El asesinato y la organización social de la ira

Un actor central de la vida cotidiana en la región de la Costa Grande de Guerrero durante la década de 1990 y principios del milenio era el asesino a sueldo. La función social de este personaje era la de responder a la ira producida por un evento doloroso. No se dedicaban simplemente a vengar asesinatos, sino que eran acciones relacionadas con una variedad de penas que iban desde infidelidades amorosas hasta deudas financieras no saldadas.

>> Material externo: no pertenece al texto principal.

(* Fix a prime p, let K = floor (N^gamma) and S(x) = sum_{n <= K} e(x F_n / p).
   Orthogonality of characters turns the second and fourth moments of |S(x)|
   over x mod p into the numbers of solutions of F_n = F_m and
   F_a + F_b = F_c + F_d modulo p.  Over the integers these equations have
   O(K) and O(K^2) solutions, because F_c <= v <= 2 F_c confines c to a window
   of three indices.  A prime adds solutions only if it divides one of the
   nonzero differences, which are at most 2^(K+1) and so have at most K + 1
   prime factors; a Markov count shows that all but O(K^3) primes keep both
   moments of the integer size.  For those primes Cauchy-Schwarz bounds the
   mean of |S| by the square root of the second moment, and Hoelder's
   inequality (M_2^3 <= M_1^2 M_4) bounds it below by the same order, sqrt K.
   Finally K^3 <= N^(3 gamma) is o(N / log N), hence o(pi(N)) by Chebyshev's
   bound pi(N) >= N log 2 / (4 log N), which we derive from 2^n <= C(2n, n). *)

From Stdlib Require Import Reals Lra Lia Psatz ZArith Znumtheory List Bool.
From Coquelicot Require Import Coquelicot.
From mathcomp Require ssreflect ssrnat binomial prime bigop zify.

(** * Chebyshev's lower bound for pi(N) *)

Module Chebyshev.
Import ssreflect ssrfun ssrbool eqtype ssrnat seq div binomial prime bigop zify.
Local Open Scope nat_scope.

Lemma dvdn_Zdivide d n : d %| n <-> (Z.of_nat d | Z.of_nat n)%Z.
Proof.
split; first by move/dvdnP=> [k ->]; exists (Z.of_nat k); lia.
move=> [z hz]; apply/dvdnP.
have [d0 | d0] := Z.eq_dec (Z.of_nat d) 0; first by exists 0; lia.
have z_ge0 : (0 <= z)%Z by nia.
by exists (Z.to_nat z); nia.
Qed.

Lemma primeE p : prime p = isprime p.
Proof.
rewrite /isprime; case: (prime_dec (Z.of_nat p)) => [/prime_alt [p_gt1 no_div] | not_prime].
  apply/primeP; split; first by lia.
  move=> d d_dvd; have /dvdn_Zdivide d_Zdvd := d_dvd.
  have d_gt0 : 0 < d by rewrite lt0n; apply/eqP => d0; move: d_dvd; rewrite d0 dvd0n => /eqP; lia.
  have d_le : d <= p by apply: dvdn_leq => //; lia.
  case: (d =P 1) => [//|d_neq1]; case: (d =P p) => [//|d_neqp] /=.
  by exfalso; apply: (no_div (Z.of_nat d)) => //; lia.
apply/negbTE/negP => /primeP [p_gt1 divs]; apply: not_prime; apply/prime_alt.
split; first by lia.
move=> n n_bounds n_dvd; have n_ge0 : (0 <= n)%Z by lia.
have : Z.to_nat n %| p by apply/dvdn_Zdivide; rewrite Z2Nat.id.
by move/divs => /orP [] /eqP; lia.
Qed.

Lemma prime_piE N : prime_pi N = count prime (iota 0 N.+1).
Proof.
rewrite /prime_pi; elim: N.+1 0 => //= m IH k.
by rewrite -primeE; case: (prime k) => /=; rewrite IH.
Qed.

Lemma central_bin_ge_pow2 n : 2 ^ n <= 'C(n.*2, n).
Proof.
elim: n => [|n IH]; first by rewrite bin0.
rewrite doubleS binS binS expnS mul2n -addnn.
have le_bin : 'C(n.*2, n) <= 'C(n.*2.+1, n) by apply: leq_bin2l.
by apply: leq_add; [apply: leq_trans IH _; rewrite leq_addl | apply: leq_trans IH le_bin].
Qed.

Lemma divn_double_le n q : 0 < q -> n.*2 %/ q <= (n %/ q).*2 + 1.
Proof.
move=> q_gt0.
have h1 : n < (n %/ q).+1 * q by rewrite -ltn_divLR.
have h2 : n.*2 %/ q < (n %/ q).*2.+2 by rewrite ltn_divLR //; nia.
lia.
Qed.

Lemma sum_leq_indicator t M : \sum_(1 <= k < M.+1) (k <= t) <= t.
Proof.
suff : \sum_(1 <= k < M.+1) (k <= t) <= minn M t by move/leq_trans; apply; apply: geq_minr.
elim: M => [|M IH]; first by rewrite big_geq.
by rewrite big_nat_recr //=; case: (leqP M.+1 t) => _; lia.
Qed.

(* Legendre's formula: each term of the sum for (2n)! exceeds twice the one
   for n! by at most 1, and only the terms with p ^ k <= 2n are nonzero. *)
Lemma logn_central_bin_le p n : prime p -> 0 < n ->
  logn p 'C(n.*2, n) <= trunc_log p n.*2.
Proof.
move=> p_pr n_gt0; have p_gt1 := prime_gt1 p_pr.
set t := trunc_log p n.*2.
have bin_fact2 : 'C(n.*2, n) * (n`! * n`!) = (n.*2)`!.
  by have := bin_fact (leq_addr n n); rewrite addnK addnn.
have bin_gt0 : 0 < 'C(n.*2, n) by rewrite bin_gt0 -addnn leq_addr.
have logn_fact2 : logn p 'C(n.*2, n) + (logn p n`!).*2 = logn p (n.*2)`!.
  by rewrite -bin_fact2 lognM ?muln_gt0 ?fact_gt0 // lognM ?fact_gt0 // addnn.
have widen : \sum_(1 <= k < n.+1) n %/ p ^ k = \sum_(1 <= k < n.*2.+1) n %/ p ^ k.
  rewrite [RHS](big_cat_nat _ (n := n.+1)) //=; last by rewrite -addnn; lia.
  rewrite [X in _ = _ + X]big1_seq ?addn0 // => k /andP[_].
  rewrite mem_index_iota => /andP[k_gt _]; apply: divn_small.
  exact: ltn_trans k_gt (ltn_expl k p_gt1).
have termwise : \sum_(1 <= k < n.*2.+1) n.*2 %/ p ^ k <=
    \sum_(1 <= k < n.*2.+1) ((n %/ p ^ k).*2 + (k <= t)).
  apply: leq_sum => k _; case: (leqP k t) => k_t.
    by apply: divn_double_le; rewrite expn_gt0 ltnW.
  by rewrite divn_small //; apply: leq_trans (trunc_log_ltn _ p_gt1) _; rewrite leq_exp2l.
have sum_double : \sum_(1 <= k < n.*2.+1) (n %/ p ^ k).*2 =
    (\sum_(1 <= k < n.*2.+1) n %/ p ^ k).*2.
  by rewrite -[RHS]mul2n big_distrr /=; apply: eq_bigr => k _; rewrite mul2n.
rewrite big_split /= sum_double -widen -!logn_fact // in termwise.
have := sum_leq_indicator t n.*2; lia.
Qed.

Lemma central_bin_pfactor_le p n : 0 < n -> p \in primes 'C(n.*2, n) ->
  p ^ logn p 'C(n.*2, n) <= n.*2.
Proof.
move=> n_gt0; rewrite mem_primes => /andP[p_pr _].
apply: leq_trans (trunc_logP (prime_gt1 p_pr) _); last by rewrite double_gt0.
by rewrite leq_exp2l ?prime_gt1 // logn_central_bin_le.
Qed.

(* The prime factors of 'C(2n, n) are primes <= 2n,
   each contributing a prime power <= 2n. *)
Lemma pow2_le_pow_prime_pi n : 0 < n -> 2 ^ n <= n.*2 ^ prime_pi n.*2.
Proof.
move=> n_gt0.
have bin_gt0 : 0 < 'C(n.*2, n) by rewrite bin_gt0 -addnn leq_addr.
apply: leq_trans (central_bin_ge_pow2 n) _.
rewrite {1}(prod_prime_decomp bin_gt0) prime_decompE big_map /= big_seq.
apply: leq_trans (leq_prod (E2 := fun _ => n.*2) _) _.
  by move=> p; apply: central_bin_pfactor_le.
rewrite -big_seq big_const_seq count_predT iter_muln_1 prime_piE.
apply: leq_pexp2l; first by rewrite double_gt0.
rewrite -size_filter; apply: uniq_leq_size; first exact: primes_uniq.
move=> p p_in; rewrite mem_filter mem_iota /=.
have p_pr : prime p by move: p_in; rewrite mem_primes => /andP[].
have : 0 < trunc_log p n.*2.
  by apply: leq_trans (logn_central_bin_le p n p_pr n_gt0); rewrite logn_gt0.
rewrite trunc_log_gt0 => /andP[_ p_le].
by rewrite p_pr /=; lia.
Qed.

Lemma expn_pow m k : expn m k = Nat.pow m k.
Proof. by elim: k => //= k IH; rewrite expnS IH. Qed.

Lemma pow2_le_pow_prime_pi_nat n :
  (0 < n)%coq_nat -> (Nat.pow 2 n <= Nat.pow (Nat.mul 2 n) (prime_pi (Nat.mul 2 n)))%coq_nat.
Proof.
by move=> /ltP n_gt0; apply/leP; rewrite -!expn_pow -mulnE mul2n; apply: pow2_le_pow_prime_pi.
Qed.

End Chebyshev.

Open Scope R_scope.

(** * Finite sums and moment inequalities *)

Definition sumR {A} (l : list A) (f : A -> R) : R := fold_right Rplus 0 (map f l).

Lemma sumR_cons {A} (a : A) l f : sumR (a :: l) f = f a + sumR l f.
Proof. reflexivity. Qed.

Lemma sumR_ext {A} (l : list A) f g :
  (forall x, In x l -> f x = g x) -> sumR l f = sumR l g.
Proof.
  induction l as [|a l IH]; intros H; [reflexivity|].
  rewrite !sumR_cons, H, IH; [reflexivity| |left; reflexivity].
  intros x Hx; apply H; right; exact Hx.
Qed.

Lemma sumR_plus {A} (l : list A) f g :
  sumR l (fun x => f x + g x) = sumR l f + sumR l g.
Proof. induction l; [unfold sumR; simpl; lra|]. rewrite !sumR_cons, IHl. lra. Qed.

Lemma sumR_scal {A} (l : list A) c f : sumR l (fun x => c * f x) = c * sumR l f.
Proof. induction l; [unfold sumR; simpl; lra|]. rewrite !sumR_cons, IHl. lra. Qed.

Lemma sumR_le {A} (l : list A) f g :
  (forall x, In x l -> f x <= g x) -> sumR l f <= sumR l g.
Proof.
  induction l as [|a l IH]; intros H; [unfold sumR; simpl; lra|].
  rewrite !sumR_cons. apply Rplus_le_compat; [apply H; left; reflexivity|].
  apply IH; intros x Hx; apply H; right; exact Hx.
Qed.

Lemma sumR_nonneg {A} (l : list A) f : (forall x, In x l -> 0 <= f x) -> 0 <= sumR l f.
Proof.
  intros H. induction l as [|a l IH]; [unfold sumR; simpl; lra|].
  rewrite sumR_cons. apply Rplus_le_le_0_compat; [apply H; left; reflexivity|].
  apply IH; intros x Hx; apply H; right; exact Hx.
Qed.

Lemma sumR_const {A} (l : list A) c : sumR l (fun _ => c) = INR (length l) * c.
Proof.
  induction l; [unfold sumR; simpl; lra|]. rewrite sumR_cons, IHl, length_cons, S_INR. lra.
Qed.

Lemma sumR_swap {A B} (l1 : list A) (l2 : list B) f :
  sumR l1 (fun x => sumR l2 (fun y => f x y)) = sumR l2 (fun y => sumR l1 (fun x => f x y)).
Proof.
  induction l1 as [|a l1 IH].
  - unfold sumR at 1; simpl. rewrite (sumR_ext _ _ (fun _ => 0)) by reflexivity.
    rewrite sumR_const. ring.
  - rewrite sumR_cons, IH, <- sumR_plus. reflexivity.
Qed.

Lemma sumR_mul {A B} (l1 : list A) (l2 : list B) f g :
  sumR l1 f * sumR l2 g = sumR l1 (fun x => sumR l2 (fun y => f x * g y)).
Proof. induction l1; [unfold sumR; simpl; lra|]. rewrite !sumR_cons, <- IHl1, sumR_scal. lra. Qed.

Lemma sumR_ge_term {A} (l : list A) f x :
  In x l -> (forall y, In y l -> 0 <= f y) -> f x <= sumR l f.
Proof.
  induction l as [|a l IH]; intros Hx H; [destruct Hx|]. rewrite sumR_cons.
  assert (0 <= f a) by (apply H; left; auto).
  assert (0 <= sumR l f) by (apply sumR_nonneg; intros; apply H; right; auto).
  destruct Hx as [<-|Hx]; [lra|].
  assert (f x <= sumR l f) by (apply IH; auto; intros; apply H; right; auto). lra.
Qed.

Lemma sumR_telescope (g : nat -> R) a n :
  sumR (seq a n) (fun x => g (S x) - g x) = g (a + n)%nat - g a.
Proof.
  revert a; induction n; intros a; simpl.
  - rewrite Nat.add_0_r. unfold sumR; simpl; lra.
  - rewrite sumR_cons, IHn, Nat.add_succ_r. simpl. lra.
Qed.

Definition b2R (b : bool) : R := if b then 1 else 0.

Lemma b2R_nonneg b : 0 <= b2R b. Proof. destruct b; simpl; lra. Qed.
Lemma b2R_le1 b : b2R b <= 1. Proof. destruct b; simpl; lra. Qed.
Lemma b2R_and a b : b2R (a && b) = b2R a * b2R b. Proof. destruct a, b; simpl; ring. Qed.

Lemma sumR_b2R {A} (l : list A) (P : A -> bool) :
  sumR l (fun x => b2R (P x)) = INR (length (filter P l)).
Proof.
  induction l as [|a l IH]; [reflexivity|]. rewrite sumR_cons, IH. cbn [filter].
  unfold b2R; destruct (P a); simpl length; rewrite ?S_INR; lra.
Qed.

Lemma sumR_Cauchy_Schwarz {A} (l : list A) u v :
  (sumR l (fun x => u x * v x)) ^ 2 <= sumR l (fun x => u x ^ 2) * sumR l (fun x => v x ^ 2).
Proof.
  induction l as [|a0 l IH]; [unfold sumR; simpl; lra|]. rewrite !sumR_cons.
  set (S := sumR l (fun x => u x * v x)) in *.
  set (U := sumR l (fun x => u x ^ 2)) in *.
  set (V := sumR l (fun x => v x ^ 2)) in *.
  assert (HU : 0 <= U) by (apply sumR_nonneg; intros; nra).
  assert (HV : 0 <= V) by (apply sumR_nonneg; intros; nra).
  set (a := u a0). set (b := v a0).
  (* the cross term is bounded using [S^2 <= U V] *)
  assert (cross : 2 * S * a * b <= U * b ^ 2 + V * a ^ 2).
  { assert (E : (U * b^2 + V * a^2)^2 - (2 * S * a * b)^2
                = (U * b^2 - V * a^2)^2 + 4 * a^2 * b^2 * (U * V - S^2)) by ring.
    assert (0 <= a^2 * b^2 * (U * V - S^2))
      by (apply Rmult_le_pos; [apply Rmult_le_pos; apply pow2_ge_0 | lra]).
    assert (0 <= (U * b^2 + V * a^2)^2 - (2 * S * a * b)^2)
      by (rewrite E; pose proof (pow2_ge_0 (U * b^2 - V * a^2)); lra).
    assert (0 <= U * b^2 + V * a^2) by nra.
    nra. }
  nra.
Qed.

Lemma sumR_Holder_moments {A} (l : list A) a : (forall x, In x l -> 0 <= a x) ->
  (sumR l (fun x => a x ^ 2)) ^ 3 <= (sumR l a) ^ 2 * sumR l (fun x => a x ^ 4).
Proof.
  intros Ha.
  set (S1 := sumR l a). set (S2 := sumR l (fun x => a x ^ 2)).
  set (S3 := sumR l (fun x => a x ^ 3)). set (S4 := sumR l (fun x => a x ^ 4)).
  assert (H13 : S2 ^ 2 <= S1 * S3).
  { pose proof (sumR_Cauchy_Schwarz l (fun x => sqrt (a x)) (fun x => a x * sqrt (a x))) as C.
    cbv beta in C.
    assert (sq : forall x, In x l -> sqrt (a x) * sqrt (a x) = a x)
      by (intros; apply sqrt_sqrt, Ha; auto).
    rewrite (sumR_ext l (fun x => sqrt (a x) * (a x * sqrt (a x))) (fun x => a x ^ 2)),
      (sumR_ext l (fun x => sqrt (a x) ^ 2) a),
      (sumR_ext l (fun x => (a x * sqrt (a x)) ^ 2) (fun x => a x ^ 3)) in C
      by (intros x Hx; pose proof (sq x Hx) as E; set (s := sqrt (a x)) in *; rewrite <- E; ring).
    exact C. }
  assert (H24 : S3 ^ 2 <= S2 * S4).
  { pose proof (sumR_Cauchy_Schwarz l a (fun x => a x ^ 2)) as C.
    cbv beta in C.
    rewrite (sumR_ext l _ (fun x => a x ^ 3)),
      (sumR_ext l (fun x => (a x ^ 2) ^ 2) (fun x => a x ^ 4))
      in C by (intros; ring).
    exact C. }
  assert (P1 : 0 <= S1) by (apply sumR_nonneg; auto).
  assert (P2 : 0 <= S2) by (apply sumR_nonneg; intros x Hx; pose proof (Ha x Hx); nra).
  assert (P3 : 0 <= S3) by (apply sumR_nonneg; intros x Hx; pose proof (Ha x Hx); nra).
  assert (P4 : 0 <= S4) by (apply sumR_nonneg; intros x Hx; pose proof (Ha x Hx); nra).
  destruct (Req_dec S2 0) as [Z|Z]; [rewrite Z; nra|].
  assert (S2 ^ 4 <= S1 ^ 2 * S2 * S4).
  { assert ((S2 ^ 2) ^ 2 <= (S1 * S3) ^ 2) by (apply pow_incr; nra). nra. }
  apply Rmult_le_reg_r with S2; nra.
Qed.

Lemma sumR_mean_sq_le {A} (l : list A) a : 0 < INR (length l) ->
  (sumR l a / INR (length l)) ^ 2 <= sumR l (fun x => a x ^ 2) / INR (length l).
Proof.
  intros Hn. pose proof (sumR_Cauchy_Schwarz l (fun _ => 1) a) as CS. cbv beta in CS.
  rewrite (sumR_ext _ (fun x => 1 * a x) a), (sumR_ext _ (fun _ => 1 ^ 2) (fun _ => 1)),
    sumR_const in CS by (intros; ring).
  apply Rmult_le_reg_r with (INR (length l) ^ 2); [nra|].
  replace ((sumR l a / INR (length l)) ^ 2 * INR (length l) ^ 2) with (sumR l a ^ 2)
    by (field; lra).
  replace (sumR l (fun x => a x ^ 2) / INR (length l) * INR (length l) ^ 2)
    with (INR (length l) * 1 * sumR l (fun x => a x ^ 2)) by (field; lra).
  exact CS.
Qed.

Ilustración: Raquel Moreno
Ilustración: Raquel Moreno

Una tarde, un amigo del municipio al que llamaré Vicente me contó que él fue perseguido por un mercenario que tenía la misión de matarlo. Un ladrón local, conocido como La Fiebre, fue quien lo alertó. Aparentemente, la madre de una joven con la que había mantenido una serie de encuentros sexuales casuales y que, como resultado, había quedado embarazada, lo quería muerto. Gracias al aviso de La Fiebre, Vicente pudo huir y salvar su vida; sin embargo, la amenaza del asesinato reflejaba la profunda pena de la abuela de su hijo.1 El caso recuerda los señalamientos de Renato Rosaldo sobre los ilongotes de Filipinas y la “caza” de cabezas humanas como una forma de responder a la rabia. La ira, entonces, se describía como una aflicción que necesitaba un lugar donde depositarse y que, en contextos como el mencionado, llevaba a matar a otro ser humano.2

Si bien es tentador hacer análisis sofisticados sobre la función de los asesinatos en la restauración del honor, en este texto quiero reflexionar sobre el rol de la ira en la producción deliberada de muerte ¿cómo se actúa frente a una pérdida devastadora? Lo primero que podría decirse es que se atribuye un culpable, no se ve el evento como algo azaroso, sino que se requiere un sujeto en el cual fincar la rabia. En este último caso, quien ocupaba ese lugar era Vicente y la expresión cultural para manifestar esa ira, para hacer algo con ella, era el asesinato. Sin embargo, es interesante que este proceso no se diera por cuenta propia, sino que se buscara un intermediario para concluir con la vida del otro. Cuando cuestioné a Vicente respecto a esto, argumentó que era más seguro recurrir a un mercenario porque éste conocía la técnica del asesinato y, en el caso improbable de que hubiera una denuncia, sería probablemente el asesino quien iría preso.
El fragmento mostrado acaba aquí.